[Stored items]

++++++++++

(* Let $\Phi:\{1,\dots,B\}\to\mathcal{A}=\{1,\dots,A\}$ and let $\Delta(\varepsilon)$ be a $B\times B$ stochastic matrix family normally parameterized by $\varepsilon\ge0$. Let $v=v(\varepsilon),\hat v=\hat v(\varepsilon):[0,\infty)\to W$ be mappings analytic at $\varepsilon=0$, and let $z_{-n}^0\in\mathcal{A}^{n+1}$ and $k\ge0$ be such that $\mathrm{ord}(p_v(z_{-n}^{-1}))\le k$ and $\mathrm{ord}(p_{\hat v}(z_{-n}^{-1}))\le k$. Then $b_{v,j}(z_{-n}^0)=b_{\hat v,j}(z_{-n}^0)$ for all $j$ with $0\le j\le n-4k-1$.
   Context: $W=\{w\in\mathbb{R}^B: w_i\ge0,\ \sum_i w_i=1\}$. For $a\in\mathcal{A}$, $\Delta_a$ is the $B\times B$ matrix with $\Delta_a(i,j)=\Delta(i,j)$ if $\Phi(j)=a$ and $0$ otherwise. $\Delta(\varepsilon)$ is normally parameterized if (i) each entry is analytic at $\varepsilon=0$, (ii) for $\varepsilon>0$, $\Delta(\varepsilon)$ is non-negative and irreducible, (iii) for every $a$, $\Delta_a(0)$ is the zero matrix or has rank one. For a mapping $v$ and a sequence $z_{-n}^0$, $p_v(z_{-n}^{-1})=v\Delta_{z_{-n}}\cdots\Delta_{z_{-1}}\mathbf{1}$, $p_v(z_{-n}^{0})=v\Delta_{z_{-n}}\cdots\Delta_{z_{0}}\mathbf{1}$, and $p_v(z_0\mid z_{-n}^{-1})=p_v(z_{-n}^0)/p_v(z_{-n}^{-1})$; $b_{v,j}(z_{-n}^0)$ is the coefficient of $\varepsilon^j$ in the Taylor expansion of $p_v(z_0\mid z_{-n}^{-1})$ at $\varepsilon=0$. For $f$ analytic at $0$, $\mathrm{ord}(f)$ is the degree of the first nonzero term of its Taylor series at $0$. *)

From Stdlib Require Import Reals.
From Coquelicot Require Import Coquelicot.
From mathcomp Require Import all_boot all_algebra.
From mathcomp Require Import Rstruct.

Set Implicit Arguments.
Unset Strict Implicit.
Unset Printing Implicit Defensive.

Import GRing.Theory Num.Theory.

(* a is the Taylor coefficient sequence at 0 of f: the power series with
   coefficients a converges on a neighbourhood (-r,r) of 0 and agrees with
   f for 0 < eps < r (the functions are only of interest for eps >= 0). *)
Definition is_taylor0 (a : nat -> R) (f : R -> R) : Prop :=
  exists r : R, (0 < r)%R /\
    (forall x : R, (Rabs x < r)%R -> ex_pseries a x) /\
    (forall x : R, (0 < x < r)%R -> is_pseries a x (f x)).

Definition analytic0 (f : R -> R) : Prop :=
  exists a : nat -> R, is_taylor0 a f /\ f 0%R = a 0%nat.

Definition ord_le (f : R -> R) (k : nat) : Prop :=
  exists a : nat -> R, is_taylor0 a f /\ exists j : nat, (j <= k)%N /\ a j <> 0%R.

Definition in_W (B : nat) (w : 'rV[R]_B) : Prop :=
  (forall i, (0 <= w ord0 i)%R) /\ (\sum_(i < B) w ord0 i = 1)%R.

Definition nonneg_mx (B : nat) (M : 'M[R]_B) : Prop :=
  forall i j, (0 <= M i j)%R.

Definition stochastic_mx (B : nat) (M : 'M[R]_B) : Prop :=
  nonneg_mx M /\ forall i, (\sum_(j < B) M i j = 1)%R.

Definition irreducible_mx (B : nat) (M : 'M[R]_B) : Prop :=
  forall i j, exists m : nat, (0 < (M ^+ m) i j)%R.

Definition Delta_a (A B : nat) (Phi : 'I_B -> 'I_A) (M : 'M[R]_B) (a : 'I_A)
  : 'M[R]_B := \matrix_(i, j) (if Phi j == a then M i j else 0%R).

Definition normally_parameterized (A B : nat) (Phi : 'I_B -> 'I_A)
  (Delta : R -> 'M[R]_B) : Prop :=
  (forall i j, analytic0 (fun e => Delta e i j)) /\
  (forall e : R, (0 < e)%R -> nonneg_mx (Delta e) /\ irreducible_mx (Delta e)) /\
  (forall a : 'I_A, (\rank (Delta_a Phi (Delta 0%R) a) <= 1)%N).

++++++++++

__What the task requires__
Copy over exactly the lines above from the one with "(Delta : R ->" to the last, both included, and no others.

__Solution for this task__
  (Delta : R -> 'M[R]_B) : Prop :=
  (forall i j, analytic0 (fun e => Delta e i j)) /\
  (forall e : R, (0 < e)%R -> nonneg_mx (Delta e) /\ irreducible_mx (Delta e)) /\
  (forall a : 'I_A, (\rank (Delta_a Phi (Delta 0%R) a) <= 1)%N).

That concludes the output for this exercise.